Bomb Garden

by LUKE BAUMGARTEN & r & & r & Selling Making Music & r & & r & So a minute ago, Fred Meyer announced it would begin selling vinyl in certain stores -- a creative partial solution to the precipitous fall-off of CD sales. Far from a complete solution, but not a bad idea at all.





Well, hot-ish on them heels comes an announcement by Best Buy that's nothing short of brilliant. Rather than replacing one type of media for another, they're replacing produced music with the means to produce music. Swapping CDs for, like, guitars and turntables and whatnot.

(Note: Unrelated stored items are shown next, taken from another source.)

Definition torus_action (R : realType) (n : nat) (X : topologicalType)
    (act : 'rV[R]_n -> X -> X) : Prop :=
  [/\ continuous (fun p : 'rV[R]_n * X => act p.1 p.2),
      forall x, act 0 x = x,
      forall v w x, act (v + w) x = act v (act w x)
    & forall v x, intvec v -> act v x = x].

(* closed subgroups of T, as closed subgroups of R^n containing Z^n *)
Definition closed_subgroup_T (R : realType) (n : nat) (H : set 'rV[R]_n) : Prop :=
  [/\ closed H, forall v, intvec v -> H v & forall v w, H v -> H w -> H (v - w)].

Definition disk (R : realType) (k : nat) : set 'rV[R]_k :=
  [set d | \sum_(i < k) d ord0 i ^+ 2 <= 1].
Definition odisk (R : realType) (k : nat) : set 'rV[R]_k :=
  [set d | \sum_(i < k) d ord0 i ^+ 2 < 1].
Definition sphere (R : realType) (k : nat) : set 'rV[R]_k :=
  [set d | \sum_(i < k) d ord0 i ^+ 2 = 1].

(* Finite T-CW complex.  An equivariant cell T/H x D^k -> X is given by a  *)
(* continuous map phi : D^k -> X^H, via (tH, d) |-> t . phi d.  A Hausdorff *)
(* T-space with finitely many such cells whose open cells partition X (the  *)
(* characteristic maps being injective on T/H x int D^k) and whose boundary *)
(* spheres land in cells of lower dimension is a finite T-CW complex (the   *)
(* weak topology condition is automatic for finitely many compact cells).  *)
Definition finite_TCW (R : realType) (n : nat) (X : topologicalType)
    (act : 'rV[R]_n -> X -> X) : Prop :=
  hausdorff_space X /\
  exists (m : nat) (k : 'I_m -> nat) (H : 'I_m -> set 'rV[R]_n)
         (phi : forall j : 'I_m, 'rV[R]_(k j) -> X),
    (forall j, closed_subgroup_T (H j)) /\
    (forall j, {within @disk R (k j), continuous (phi j)}) /\
    (forall j d h, @disk R (k j) d -> H j h -> act h (phi j d) = phi j d) /\
    (forall x, exists j t d, @odisk R (k j) d /\ x = act t (phi j d)) /\
    (forall j j' t t' d d', @odisk R (k j) d -> @odisk R (k j') d' ->
        act t (phi j d) = act t' (phi j' d') -> j = j') /\
    (forall j t t' d d', @odisk R (k j) d -> @odisk R (k j) d' ->
        act t (phi j d) = act t' (phi j d') -> d = d' /\ H j (t - t')) /\
    (forall j d, @sphere R (k j) d ->
        exists j' t d', (k j' < k j)%N /\ @odisk R (k j') d' /\
                        phi j d = act t (phi j' d')).

Definition is_loop (R : realType) (Z : topologicalType) (g : R -> Z) : Prop :=
  continuous g /\ forall s, g (s + 1) = g s.

Definition closed_subgroup_TT (R : realType) (n : nat)
    (H : set (R * 'rV[R]_n)) : Prop :=
  [/\ closed H,
      forall th : R * 'rV[R]_n, th.1 \is a Num.int -> intvec th.2 -> H th
    & forall th th', H th -> H th' -> H (th - th')].

(* the character (a0, a) in additive coordinates *)
Definition char_exponent (R : realType) (n : nat) (a0 : int) (a : 'rV[int]_n)
    (th : R * 'rV[R]_n) : R :=
  a0%:~R * th.1 + \sum_(i < n) (a ord0 i)%:~R * th.2 ord0 i.

(* (q,u) \in H_C = Hom(H^, C^x) ⊂ Hom((𝕋 x T)^, C^x) = C^x x T_C: the      *)
(* homomorphism chi |-> chi(q,u) kills every character trivial on H.       *)
Definition in_HC (R : realType) (n : nat) (H : set (R * 'rV[R]_n))
    (q : R[i]) (u : 'rV[R[i]]_n) : Prop :=
  forall (a0 : int) (a : 'rV[int]_n),
    (forall th, H th -> char_exponent a0 a th \is a Num.int) ->
    q ^ a0 * \prod_(i < n) (u ord0 i) ^ (a ord0 i) = 1.

Definition Tqu (R : realType) (n : nat) (q : R[i]) (u : 'rV[R[i]]_n) :
    set (R * 'rV[R]_n) :=
  [set th | forall H, closed_subgroup_TT H -> in_HC H q u -> H th].

Definition loop_act (R : realType) (n : nat) (Z : Type)
    (act : 'rV[R]_n -> Z -> Z) (th : R * 'rV[R]_n) (g : R -> Z) : R -> Z :=
  fun s => act th.2 (g (s - th.1)).

Definition Lfix (R : realType) (n : nat) (Z : topologicalType)
    (act : 'rV[R]_n -> Z -> Z) (q : R[i]) (u : 'rV[R[i]]_n) : set (R -> Z) :=
  [set g | is_loop g /\ forall th, Tqu q u th -> loop_act act th g = g].

(* Points: the basepoint (None) and [z, x] with z in S^1 minus the          *)
(* basepoint, z represented by its parameter in ]0,1[.                      *)
Definition smash (R : realType) (X : topologicalType) : Type :=
  option ({t : R | 0 < t < 1} * X).

HB.instance Definition _ (R : realType) (X : topologicalType) :=
  Choice.on (smash R X).

(* the quotient map S^1 x X -> S^1 ∧ X_+ (S^1 parametrized by R) *)
Definition smash_pi (R : realType) (X : topologicalType) (p : R * X) : smash R X :=
  match insub (p.1 - (Num.floor p.1)%:~R) : option {t : R | 0 < t < 1} with
  | Some t => Some (t, p.2)
  | None => None
  end.

(* quotient topology: U open iff its preimage in S^1 x X is open (the part *)
(* S^1 x {+} of S^1 x X_+ imposes no condition), and the quotient map       *)
(* R x X -> S^1 x X is itself a quotient map                                *)
Definition smash_open (R : realType) (X : topologicalType) (U : set (smash R X)) : Prop :=
  open (smash_pi (X := X) @^-1` U).

Lemma smash_openT (R : realType) (X : topologicalType) : smash_open [set: smash R X].
Proof. by rewrite /smash_open preimage_setT; exact: openT. Qed.

Lemma smash_openI (R : realType) (X : topologicalType) :
  setI_closed (@smash_open R X).
Proof. by move=> A B oA oB; rewrite /smash_open preimage_setI; exact: openI. Qed.

Lemma smash_open_bigU (R : realType) (X : topologicalType) (I : Type)
    (f : I -> set (smash R X)) :
  (forall i, smash_open (f i)) -> smash_open (\bigcup_i f i).
Proof.
by move=> oF; rewrite /smash_open preimage_bigcup; apply: bigcup_open => i _; exact: oF.
Qed.

HB.instance Definition _ (R : realType) (X : topologicalType) :=
  isOpenTopological.Build (smash R X) (@smash_openT R X) (@smash_openI R X)
    (@smash_open_bigU R X).

Definition smash_act (R : realType) (n : nat) (X : topologicalType)
    (act : 'rV[R]_n -> X -> X) (v : 'rV[R]_n) (y : smash R X) : smash R X :=
  match y with
  | Some (t, x) => Some (t, act v x)
  | None => None
  end.

(* S^1 ∧ (LX^{q,u})_+ as a subset of L(S^1 ∧ X_+):                          *)
(* [z, g] |-> (s |-> [z, g s]), and the basepoint |-> the constant loop.     *)
Definition smash_Lfix (R : realType) (n : nat) (X : topologicalType)
    (act : 'rV[R]_n -> X -> X) (q : R[i]) (u : 'rV[R[i]]_n) : set (R -> smash R X) :=
  [set g | g = (fun _ => None) \/
           exists (z : R) (gam : R -> X),
             Lfix act q u gam /\ g = (fun s => smash_pi (z, gam s))].

(* For 0 < |q| < 1 the group T(q,u) contains the line {(s, s λ) | s ∈ R},
   λ_i = ln|u_i| / ln|q|: taking ln|.| of q^a0 ∏ u_i^a_i = 1 shows that every
   character killing (q,u) is trivial on the line, and by duality for closed
   subgroups H ⊇ Z^(1+n) of R^(1+n) (a point outside H is detected by an
   integral character trivial on H) the line lies in every closed H with
   (q,u) ∈ H_C.  So a loop g fixed by T(q,u) satisfies g(s) = (s λ)·g(0).  As
   T acts trivially on the S^1-coordinate, g is the constant loop at the
   basepoint or s |-> [z, (s λ)·x], and the loop s |-> (s λ)·x is again fixed.

   Duality goes by induction on the number of coordinate directions along
   which H is invariant, replacing H by (H ∩ {x_j = 0}) + R e_j.  H is
   recovered through its image in the j-th coordinate, a closed subgroup of R
   containing Z, hence R or (1/N) Z; in the first case a.x mod Z is, on H, a
   continuous character of x_j, hence x_j |-> c x_j with c an integer. *)

From mathcomp Require Import all_boot all_order all_algebra.
From mathcomp Require Import all_classical all_reals all_analysis.
From mathcomp Require Import complex.
From mathcomp Require Import ring lra.
Import Order.TTheory GRing.Theory Num.Theory.
Import numFieldTopology.Exports numFieldNormedType.Exports.
Local Open Scope classical_set_scope.
Local Open Scope ring_scope.
Set Implicit Arguments. Unset Strict Implicit. Unset Printing Implicit Defensive.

Whether it'll work or not is anyone's guess, but the thinking is right-on. The trend of technology broadly and the Internet specifically is this: Communication between people becomes ever easier and thus information -- news, video content, music, every form of idea exchange we hairless apes have dreamt up -- multiplies exponentially. People are ever more empowered to create and share information. These are normal folks now, blogging and video ranting and recording pop music and sharing it with whomever. The (monetary) value people had previously placed on such things -- music and film and news -- drops to zero because it's everywhere, easy to find.





That's why Best Buy's decision is smart. There's no money in selling music, but there's still a little money in making it. And in helping people make it.





There's at least one skeptic, though. "It's not a high-growth area and it's obviously going to take up a lot of [retail space]," said some shortsighted analyst or other in an AP report. There's truth there, of course. Fewer people are going to buy a Fender than bought Mariah's Daydream. Of course, nothing sells like Daydream anymore.





What that analysis misses is that, in the world of electronics, there are basically no more high-growth areas left. It's a fact of the day that electronics retailers are going to have fewer and fewer killer products to sell. They'll have to rely more and more on selling smaller quantities of more varied products. Faced with that environment, they're going to have to scrape around for cheddar the same places musicians do: wherever they can get it.